The protocol starts with the identification of a potential infarction case at the emergency door, which is made by the management employee at the front desk. These employees were trained to identify chest pain or equivalent, from the patient's complaint or their subjective perception. Once a potential eligible patient is identified, the employee refers the patient for priority care delivered by the triage nurse. This nurse performs an electrocardiogram, even before medical evaluation. The electrocardiogram is immediately sent to an emergency medicine physician, who examines the patient and discusses the case with the coronary unit cardiologist. Once defined that it is an ongoing case of STEMI, the coronary unit team takes charge of the time management. The unit's nurse starts counting with the interventional cardiology team, and immediately refers the patient to the catheterization laboratory, where he will be prepared for the procedure. In this area, the patient is placed on the procedure bed and shaving, asepsis and placement of surgical sheets are carried out. Simultaneously, oral acetylsalicylic acid 200 mg and thienopyridine derivatives (clopidogrel 300 mg, in years 2010 and 2011, then replaced for ticagrelor 180 mg, in 2012) are administered. At this moment, the objective is that the patient be ready to undergo the procedure as soon as the interventional cardiology team arrives; this team comprises a physician, a nursing technician, and a radiology technician. The procedure should start immediately after team arrival. This team is on site during office hours (7 am to 5 pm) and on call during night shifts or weekends. In the first situation, the team will be ready during patient preparation. The goals to be achieved during patient care are a door-to-diagnosis time no longer than 30 minutes and diagnosis-to-balloon time no longer than 90 minutes.

Measures implemented for time optimization

In addition to the definition of the patient care flowchart described here, specific measures were used to reduce the door-to-balloon time, based on effectiveness studies7,8, which define predictors of a protocol success, or on peculiarities of our hospital: (1) training of the emergency service front-desk employees for the identification of potential patients eligible to the protocol; (2) empowerment of the triage nurse to perform an electrocardiogram without a medical request form; (3) activation of the interventional cardiology team by the physician who diagnoses infarction; (4) activation of the stopwatch at the moment of diagnosis, so that the patient will be ready for the procedure to start within 40 minutes at most; (5) awareness raising of the interventional cardiologist to arrive quickly at the hospital and perform the procedure while paying attention to timing; (6) awareness raising of all the hospital multidisciplinary team for the importance of the door-to-balloon time; (7) definition of this protocol as being the hospital's main quality of care protocol; (8) feedback on each patient's door-to-balloon time, by displaying posters showing the "last door-to-balloon time" in minutes, in all areas involved; (9) monthly meetings of the teams involved in order to discuss all cases included in the protocol, occasional flaws and improvement strategies.

Data analysis

The first five months of monitoring (May to September 2010) corresponded to the period of protocol pre-implementation, whereas the subsequent months corresponded to post-implementation cases (October 2010 to August 2012). Thus, the pre-protocol period, which included 10 cases, represented the reference used to evaluate whether the protocol had resulted in improvement of the door-to-balloon time. It had been previously defined that the post-protocol period would be divided into subperiods of 10 consecutive cases each, in order to evaluate the evolution of the door-to-balloon time. Since the patients analyzed correspond to the whole population universe of patients seen in this period, the comparison of times was merely descriptive, with no need for statistical tests to estimate the type-I error probability. The door-to-balloon time of each period was described as a mean and standard deviation.

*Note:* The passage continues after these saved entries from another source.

Lemma mean_ln_submod (TX TY TZ : finType)
    (X : Omega -> TX) (Y : Omega -> TY) (Z : Omega -> TZ) :
  mean_ln (fun w => (X w, Z w)) + mean_ln (fun w => (Y w, Z w))
  <= mean_ln (fun w => (X w, Y w, Z w)) + mean_ln Z.
Proof.
pose V w := (X w, Y w, Z w).
pose pXZ (t : TX * TY * TZ) := Pr P (fun v => (X v, Z v) == (t.1.1, t.2)).
pose pYZ (t : TX * TY * TZ) := Pr P (fun v => (Y v, Z v) == (t.1.2, t.2)).
pose pZ (t : TX * TY * TZ) := Pr P (fun v => Z v == t.2).
(* q is a sub-probability on triples, with ln (q / p) the submodularity defect. *)
pose q t := pXZ t * pYZ t / pZ t.
have q_ge0 t : 0 <= q t by rewrite !mulr_ge0 ?invr_ge0 ?Pr_ge0.
have q_gt0 w : P w != 0 -> 0 < q (V w).
  move=> Pw_neq0; rewrite /q divr_gt0 ?mulr_gt0 //.
  - exact: (Pr_gt0 (fun v => (X v, Z v)) Pw_neq0).
  - exact: (Pr_gt0 (fun v => (Y v, Z v)) Pw_neq0).
  - exact: (Pr_gt0 Z Pw_neq0).
have sum_q_le1 : \sum_t q t <= 1.
  rewrite -(sum_Pr Z) sum_pair sum_pair.
  under eq_bigr do rewrite exchange_big.
  rewrite exchange_big /=; apply: ler_sum => z _.
  rewrite /q /pXZ /pYZ /pZ /=.
  under eq_bigr do rewrite -big_distrl -big_distrr /=.
  rewrite -!big_distrl /= !sum_Pr_fst.
  case: (eqVneq (Pr P (fun v => Z v == z)) 0) => [->|pz_neq0]; first by rewrite !mul0r.
  by rewrite mulfK.
rewrite -subr_le0.
have -> : mean_ln (fun w => (X w, Z w)) + mean_ln (fun w => (Y w, Z w))
          - (mean_ln V + mean_ln Z)
        = \sum_w P w * ln (q (V w) / Pr P (fun v => V v == V w)).
  rewrite /mean_ln -!big_split -sumrB /=; apply: eq_bigr => w _.
  case: (eqVneq (P w) 0) => [->|Pw_neq0]; first by rewrite !mul0r !addr0 subr0.
  have pXZ_gt0 := Pr_gt0 (fun v => (X v, Z v)) Pw_neq0.
  have pYZ_gt0 := Pr_gt0 (fun v => (Y v, Z v)) Pw_neq0.
  have pZ_gt0 := Pr_gt0 Z Pw_neq0.
  have pV_gt0 := Pr_gt0 V Pw_neq0.
  rewrite ln_div ?q_gt0 // /q ln_div ?mulr_gt0 // lnM //; ring.
apply: le_trans (mean_ln_ratio_le q_gt0) _.
rewrite subr_le0; apply: le_trans sum_q_le1.
by rewrite [leRHS](bigID (fun t => Pr P (fun v => V v == t) != 0)) /= lerDl sumr_ge0.
Qed.

Lemma entropy_submod (TX TY TZ : finType)
    (X : Omega -> TX) (Y : Omega -> TY) (Z : Omega -> TZ) :
  entropy P (fun w => (X w, Y w, Z w)) + entropy P Z
  <= entropy P (fun w => (X w, Z w)) + entropy P (fun w => (Y w, Z w)).
Proof.
rewrite !entropyE -!mulrDl ler_pM2r ?invr_gt0 ?ln2_gt0 // -!opprD lerN2.
exact: mean_ln_submod.
Qed.
Lemma is_derive_coord {n} (c : 'I_n) (a v : 'rV[R]_n) :
  is_derive a v (fun y => y 0 c) (v 0 c).
Proof.
apply/is_derive1P.
rewrite (_ : (fun t => _) = (fun t : R => t * v 0 c + a 0 c)); last first.
  by apply: funext => t; rewrite !mxE.
eapply is_derive_eq.
  apply: is_derive_add.
by rewrite /= scaler0 add0r addr0 [_%:A]mulr1.
Qed.

Lemma is_derive_lsubmx {m n} (j : 'I_m) (a v : 'rV[R]_(m + n)) :
  is_derive a v (fun y => lsubmx y 0 j) (lsubmx v 0 j).
Proof.
rewrite mxE (_ : (fun y => _) = fun y : 'rV[R]_(m + n) => y 0 (lshift n j)).
  exact: is_derive_coord.
by apply: funext => y; rewrite mxE.
Qed.

Lemma is_derive_rsubmx {m n} (j : 'I_n) (a v : 'rV[R]_(m + n)) :
  is_derive a v (fun y => rsubmx y 0 j) (rsubmx v 0 j).
Proof.
rewrite mxE (_ : (fun y => _) = fun y : 'rV[R]_(m + n) => y 0 (rshift m j)).
  exact: is_derive_coord.
by apply: funext => y; rewrite mxE.
Qed.

Lemma near_coord_gt0 {n} {c : 'I_n} {a : 'rV[R]_n} :
  0 < a 0 c -> \forall y \near a, 0 < (y : 'rV[R]_n) 0 c.
Proof. exact: (cvgr_gt _ (@coord_continuous R 1 n 0 c a)). Qed.

Lemma hessian_mx {n} (f : 'rV[R]_n -> R) (a : 'rV[R]_n)
    (Df : 'rV[R]_n -> 'rV[R]_n -> R) (M : 'M[R]_n) :
  (\forall y \near a, forall v, is_derive y v f (Df y v)) ->
  (forall v w, is_derive a w (fun y => Df y v) ((w *m M *m v^T) 0 0)) ->
  hessian f a = M.
Proof.
move=> Df_near D2f; apply/matrixP => k l; rewrite mxE.
have -> : 'D_(delta_mx 0 k) (fun y => 'D_(delta_mx 0 l) f y) a =
          'D_(delta_mx 0 k) (fun y => Df y (delta_mx 0 l)) a.
  by apply: near_eq_derive; apply: filterS Df_near => y /(_ (delta_mx 0 l)) [].
have [_ ->] := D2f (delta_mx 0 l) (delta_mx 0 k).
by rewrite -rowE trmx_delta -colE !mxE.
Qed.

Linear regression analysis was also carried out, considering each patient's door-to-balloon time as a dependent variable and the time sequence of patients as an independent variable. The beta (β) regression coefficient was used to estimate the variation of door-to-balloon time at each sequential patient. Secondarily, the proportions of satisfactory time (< 120 minutes) were compared between the periods of 10 patients. For the same reason described in the previous paragraph, p values were not used in these analyses.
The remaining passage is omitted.